## WORK INSTRUCTION
Please output the lines shown below exactly as they appear.
━━━
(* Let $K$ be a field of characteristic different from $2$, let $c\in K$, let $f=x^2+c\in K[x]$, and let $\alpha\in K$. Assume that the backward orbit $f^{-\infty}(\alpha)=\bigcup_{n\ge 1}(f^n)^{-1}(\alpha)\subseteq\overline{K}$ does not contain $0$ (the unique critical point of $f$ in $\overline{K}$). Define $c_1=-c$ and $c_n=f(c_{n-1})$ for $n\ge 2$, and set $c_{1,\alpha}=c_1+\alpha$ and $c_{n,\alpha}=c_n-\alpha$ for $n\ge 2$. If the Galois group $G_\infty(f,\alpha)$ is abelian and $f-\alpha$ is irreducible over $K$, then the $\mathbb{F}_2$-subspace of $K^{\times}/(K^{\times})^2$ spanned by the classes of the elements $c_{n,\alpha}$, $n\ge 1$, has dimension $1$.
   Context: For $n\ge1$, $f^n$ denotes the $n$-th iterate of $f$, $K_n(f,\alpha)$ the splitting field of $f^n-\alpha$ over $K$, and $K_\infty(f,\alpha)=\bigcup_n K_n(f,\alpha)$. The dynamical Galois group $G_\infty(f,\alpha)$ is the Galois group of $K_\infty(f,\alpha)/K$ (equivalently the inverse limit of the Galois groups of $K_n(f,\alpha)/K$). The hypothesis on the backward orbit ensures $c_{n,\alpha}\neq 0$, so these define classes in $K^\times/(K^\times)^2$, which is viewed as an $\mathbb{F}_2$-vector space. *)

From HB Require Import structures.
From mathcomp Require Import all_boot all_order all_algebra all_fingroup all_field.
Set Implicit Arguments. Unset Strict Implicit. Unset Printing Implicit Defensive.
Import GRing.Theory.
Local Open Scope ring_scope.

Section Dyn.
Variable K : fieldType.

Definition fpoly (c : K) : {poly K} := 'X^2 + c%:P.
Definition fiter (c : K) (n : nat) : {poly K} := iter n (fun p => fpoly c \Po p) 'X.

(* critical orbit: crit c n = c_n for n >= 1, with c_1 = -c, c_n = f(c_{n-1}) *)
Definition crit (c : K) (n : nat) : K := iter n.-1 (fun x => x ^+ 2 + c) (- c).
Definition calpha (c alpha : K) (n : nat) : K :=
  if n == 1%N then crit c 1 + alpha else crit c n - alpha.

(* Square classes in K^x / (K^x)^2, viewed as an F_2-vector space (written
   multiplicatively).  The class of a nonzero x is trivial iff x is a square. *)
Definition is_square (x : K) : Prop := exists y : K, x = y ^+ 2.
━━━
## ANSWER FOR THIS EXERCISE
(* Let $K$ be a field of characteristic different from $2$, let $c\in K$, let $f=x^2+c\in K[x]$, and let $\alpha\in K$. Assume that the backward orbit $f^{-\infty}(\alpha)=\bigcup_{n\ge 1}(f^n)^{-1}(\alpha)\subseteq\overline{K}$ does not contain $0$ (the unique critical point of $f$ in $\overline{K}$). Define $c_1=-c$ and $c_n=f(c_{n-1})$ for $n\ge 2$, and set $c_{1,\alpha}=c_1+\alpha$ and $c_{n,\alpha}=c_n-\alpha$ for $n\ge 2$. If the Galois group $G_\infty(f,\alpha)$ is abelian and $f-\alpha$ is irreducible over $K$, then the $\mathbb{F}_2$-subspace of $K^{\times}/(K^{\times})^2$ spanned by the classes of the elements $c_{n,\alpha}$, $n\ge 1$, has dimension $1$.
   Context: For $n\ge1$, $f^n$ denotes the $n$-th iterate of $f$, $K_n(f,\alpha)$ the splitting field of $f^n-\alpha$ over $K$, and $K_\infty(f,\alpha)=\bigcup_n K_n(f,\alpha)$. The dynamical Galois group $G_\infty(f,\alpha)$ is the Galois group of $K_\infty(f,\alpha)/K$ (equivalently the inverse limit of the Galois groups of $K_n(f,\alpha)/K$). The hypothesis on the backward orbit ensures $c_{n,\alpha}\neq 0$, so these define classes in $K^\times/(K^\times)^2$, which is viewed as an $\mathbb{F}_2$-vector space. *)

From HB Require Import structures.
From mathcomp Require Import all_boot all_order all_algebra all_fingroup all_field.
Set Implicit Arguments. Unset Strict Implicit. Unset Printing Implicit Defensive.
Import GRing.Theory.
Local Open Scope ring_scope.

Section Dyn.
Variable K : fieldType.

Definition fpoly (c : K) : {poly K} := 'X^2 + c%:P.
Definition fiter (c : K) (n : nat) : {poly K} := iter n (fun p => fpoly c \Po p) 'X.

(* critical orbit: crit c n = c_n for n >= 1, with c_1 = -c, c_n = f(c_{n-1}) *)
Definition crit (c : K) (n : nat) : K := iter n.-1 (fun x => x ^+ 2 + c) (- c).
Definition calpha (c alpha : K) (n : nat) : K :=
  if n == 1%N then crit c 1 + alpha else crit c n - alpha.

(* Square classes in K^x / (K^x)^2, viewed as an F_2-vector space (written
   multiplicatively).  The class of a nonzero x is trivial iff x is a square. *)
Definition is_square (x : K) : Prop := exists y : K, x = y ^+ 2.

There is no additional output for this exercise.